No one was actually ordered to do anything
The letter, however, turned out to have merely been forwarded to 23 administrators of municipal and town councils more than two months earlier, on May 3, 2016, unaccompanied by “any direct order” obliging the recipients to actually do anything.
“Soon after we released the video,” Humane Society of the U.S. president Kitty Block on July 6, 2020 blogged of the 2016 campaign, “we wrote to the Nagaland chief minister urging the government to implement the ban on dog meat consumption, patrol trade routes and shut down markets. We also launched an online petition calling on the authorities to enforce the dog meat ban immediately.
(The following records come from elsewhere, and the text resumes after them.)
(* Consider a fixed-size experiment measuring a binary observable $P$ (single-shot outcomes in $\{-1,+1\}$) with ideal expectation $\langle P\rangle_0=1$. Fix a Richardson rule of order $k\ge1$ with scale factors $1=\lambda_0<\cdots<\lambda_k$, coefficients $c_j$ with $\sum_jc_j=1$, $\sum_jc_j\lambda_j^m=0$ ($m=1,\ldots,k$), allocation fractions $\pi_j>0$, $\sum_j\pi_j=1$, independent samples across scales. Suppose that for each $j$ \[ \mu(\lambda_j\epsilon)=\langle P\rangle_{\lambda_j\epsilon}=(1-\gamma\lambda_j\epsilon)^{\ell_n}+O_n(\epsilon^2),\qquad\gamma>0, \] where $\ell_n$ is a fixed positive integer. Let $\kappa_n=\gamma\ell_n$. Then, with $D(\epsilon)=\mathrm{Bias}_{\mathrm{noisy}}(\epsilon)^2-\mathrm{Bias}_{\mathrm{ZNE}}(\epsilon)^2$ and $A_k(\epsilon)=\sum_jc_j^2v(\lambda_j\epsilon)/\pi_j-v(\epsilon)$, \[ D(\epsilon)=\kappa_n^2\epsilon^2+O_n(\epsilon^3),\qquad v_n(\epsilon)=2\kappa_n\epsilon+O_n(\epsilon^2),\qquad A_k(\epsilon)=K_{1,k,n}\epsilon+O_n(\epsilon^2), \] with \[ K_{1,k,n}=2\kappa_n\left[\sum_j\frac{c_j^2\lambda_j}{\pi_j}-1\right]; \] that is, the leading MSE balance $\Delta_{\mathrm{MSE}}(\epsilon,B)=D(\epsilon)-A_k(\epsilon)/B$ holds with $p=1$, $q=1$, $D_{1,n}=\kappa_n^2$, $\nu_n=2\kappa_n$. The lower local help-harm boundary satisfies \[ \epsilon^*_n(B)\sim\frac{2}{\kappa_n}\left[\sum_j\frac{c_j^2\lambda_j}{\pi_j}-1\right]B^{-1}\qquad(B\to\infty). \]
   Context: $\mu(\epsilon)$ is the noisy expectation of $P$, $v_n(\epsilon)=1-\mu(\epsilon)^2$ its single-shot variance. With total shot budget $B$, the unmitigated estimator is the mean of $B$ shots at noise $\epsilon$ and $\widehat\mu_{\mathrm{ZNE}}=\sum_jc_j\widehat\mu(\lambda_j\epsilon)$ with $\widehat\mu(\lambda_j\epsilon)$ the mean of $\pi_jB$ shots at noise $\lambda_j\epsilon$. $\mathrm{Bias}_{\mathrm{noisy}}=\mu(\epsilon)-\langle P\rangle_0$, $\mathrm{Bias}_{\mathrm{ZNE}}=\mathbb E[\widehat\mu_{\mathrm{ZNE}}]-\langle P\rangle_0$, and $\Delta_{\mathrm{MSE}}=\mathrm{MSE}_{\mathrm{noisy}}-\mathrm{MSE}_{\mathrm{ZNE}}$ with $\mathrm{MSE}=\mathbb E[(\widehat\mu-\langle P\rangle_0)^2]$. The lower local help-harm boundary $\epsilon^*_n(B)$ is the first positive small-noise zero of $\Delta_{\mathrm{MSE}}(\cdot,B)$ where it changes from negative to positive; $\sim$ means ratio tends to $1$. *)

From HB Require Import structures.
From mathcomp Require Import all_boot all_order all_algebra.
From mathcomp Require Import reals.
Set Implicit Arguments. Unset Strict Implicit. Unset Printing Implicit Defensive.
Import Order.TTheory GRing.Theory Num.Theory.
Local Open Scope ring_scope.

Section ZNE.
Variable R : realType.

Definition bigO_at0 (f : R -> R) (n : nat) : Prop :=
  exists C : R, exists d : R, 0 < d /\
    forall e : R, 0 < e -> e < d -> `|f e| <= C * e ^+ n.

Definition richardson_rule (k : nat) (c lam : 'I_k.+1 -> R) : Prop :=
  [/\ lam ord0 = 1,
      (forall i j : 'I_k.+1, (i < j)%N -> lam i < lam j),
      \sum_(j < k.+1) c j = 1 &
      forall m : nat, (1 <= m <= k)%N -> \sum_(j < k.+1) c j * lam j ^+ m = 0].

Definition allocation (k : nat) (pi : 'I_k.+1 -> R) : Prop :=
  (forall j, 0 < pi j) /\ \sum_(j < k.+1) pi j = 1.

(* ideal expectation <P>_0 = 1 *)
Definition bias_noisy (mu : R -> R) (e : R) : R := mu e - 1.
Definition bias_zne (k : nat) (c lam : 'I_k.+1 -> R) (mu : R -> R) (e : R) : R :=
  \sum_(j < k.+1) c j * mu (lam j * e) - 1.
(* single-shot variance *)
Definition vn (mu : R -> R) (e : R) : R := 1 - mu e ^+ 2.

(* MSE of the mean of B shots at noise e *)
Definition mse_noisy (mu : R -> R) (B e : R) : R :=
  bias_noisy mu e ^+ 2 + vn mu e / B.
(* MSE of sum_j c_j * (mean of pi_j B independent shots at noise lam_j e) *)
Definition mse_zne (k : nat) (c lam pi : 'I_k.+1 -> R) (mu : R -> R) (B e : R) : R :=
  bias_zne c lam mu e ^+ 2 + \sum_(j < k.+1) c j ^+ 2 * vn mu (lam j * e) / (pi j * B).
Definition delta_mse k c lam pi mu B e : R :=
  mse_noisy mu B e - @mse_zne k c lam pi mu B e.

Definition Dbias k c lam mu e : R := bias_noisy mu e ^+ 2 - @bias_zne k c lam mu e ^+ 2.
Definition Ak (k : nat) (c lam pi : 'I_k.+1 -> R) (mu : R -> R) (e : R) : R :=
  \sum_(j < k.+1) c j ^+ 2 * vn mu (lam j * e) / pi j - vn mu e.

Definition lower_boundary (Delta : R -> R) (e : R) : Prop :=
  [/\ 0 < e, Delta e = 0,
      (forall x, 0 < x -> x < e -> Delta x < 0) &
      exists eta, 0 < eta /\ forall x, e < x -> x < e + eta -> 0 < Delta x].

End ZNE.

(* Write kappa = gamma l.  The power law linearizes to mu(lam e) = 1 - kappa lam e + O(e^2) at
   every scale.  The moment conditions sum_j c_j = 1 and sum_j c_j lam_j = 0 cancel the linear
   term of the extrapolated mean, so Bias_ZNE = O(e^2) while Bias_noisy = -kappa e + O(e^2), and
   v(lam e) = 1 - mu(lam e)^2 = 2 kappa lam e + O(e^2); hence D ~ kappa^2 e^2 and
   A_k ~ 2 kappa (S - 1) e with S = sum_j c_j^2 lam_j / pi_j.  The factor S - 1 is positive: it
   equals sum_j c_j^2 (lam_j - 1) / pi_j + sum_j (c_j - pi_j)^2 / pi_j, and some c_j with j >= 1
   is nonzero, for otherwise the first moment condition would give c_0 = 0.
   For the boundary e0 = estar B: Delta_B(x) = D(x) - A_k(x) / B is positive at a fixed small x
   once B is large, so e0 < x.  Dividing the balance B D(e0) = A_k(e0) by e0 gives
   |kappa^2 (e0 B) - 2 kappa (S - 1)| <= O(e0) (1 + e0 B), which first bounds e0 B and then
   forces e0 B -> 2 (S - 1) / kappa. *)

From HB Require Import structures.
From mathcomp Require Import all_boot all_order all_algebra.
From mathcomp Require Import reals ring lra.
Import Order.TTheory GRing.Theory Num.Theory.
Local Open Scope ring_scope.

Section BigOAtZero.
Context {R : realType}.
Implicit Types (f g : R -> R) (a : R) (n m : nat).

Lemma bigO_at0_eq {f g n} :
  (forall e, 0 < e -> f e = g e) -> bigO_at0 f n -> bigO_at0 g n.
Proof.
move=> fg [C [d [d_gt0 fO]]]; exists C, d; split => // e e_gt0 lted.
by rewrite -fg //; apply: fO.
Qed.

Lemma bigO_at0_ge0 {f n} : bigO_at0 f n ->
  exists C d, [/\ 0 <= C, 0 < d &
    forall e, 0 < e -> e < d -> `|f e| <= C * e ^+ n].
Proof.
move=> [C [d [d_gt0 fO]]]; exists `|C|, d; split => // e e_gt0 lted.
apply: le_trans (fO e e_gt0 lted) _.
by apply: ler_wpM2r; [rewrite exprn_ge0 // ltW | exact: ler_norm].
Qed.

Lemma bigO_at0D {f g n} :
  bigO_at0 f n -> bigO_at0 g n -> bigO_at0 (fun e => f e + g e) n.
Proof.
move=> [C1 [d1 [d1_gt0 fO]]] [C2 [d2 [d2_gt0 gO]]].
exists (C1 + C2), (Order.min d1 d2); split; first by rewrite lt_min d1_gt0.
move=> e e_gt0; rewrite lt_min => /andP[ltd1 ltd2].
apply: le_trans (ler_normD _ _) _.
by rewrite mulrDl lerD ?fO ?gO.
Qed.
Over the years we have helped rescue more than 150 dogs from this trade in India and placed them into loving homes with the support of local partners,” Block said.
Dogs caught locally, not brought from afar
Block was at the time president of Humane Society International, ascending to the presidency of HSUS itself two years later.
Without mentioning that nothing whatever ultimately came of the 2016 effort, Block suggested that the Tamjen Toy promise of a dog meat ban “would end the terrible suffering of approximately 30,000 dogs who are smuggled each year into Nagaland from around India, most of them stray dogs and stolen pets.”
Block had apparently neither consulted a map, nor realized that dogs are scarcely in such short supply anywhere in eastern India as to make long-haul transport “from around India” practical or profitable.
“We must be very vigilant”
Dog-eating in Nagaland next surfaced as an issue in January 2017, when two Nagaland Armed Police constables, Vihuto Awomi and Vi Toho, reportedly were disciplined for allegedly cooking cats, dogs, and a monkey captured from the streets of Delhi in the Central Police Radio Training Institute kitchen.
Again, as often in the past, western Indian animal advocates responded with generalized outrage against Nagas, while Nagas in Nagaland appeared to pay no attention.
Concluded Azam Siddiqui, of Temjen Toy’s pledge, “What now needs to be seen is how this ban is expected to play on ground. Forcing a tradition to end just like that by a government ban would certainly generate a huge backlash, so we must be very vigilant, continue our investigations, and be observant of new games and tricks by the dog trade mafia.”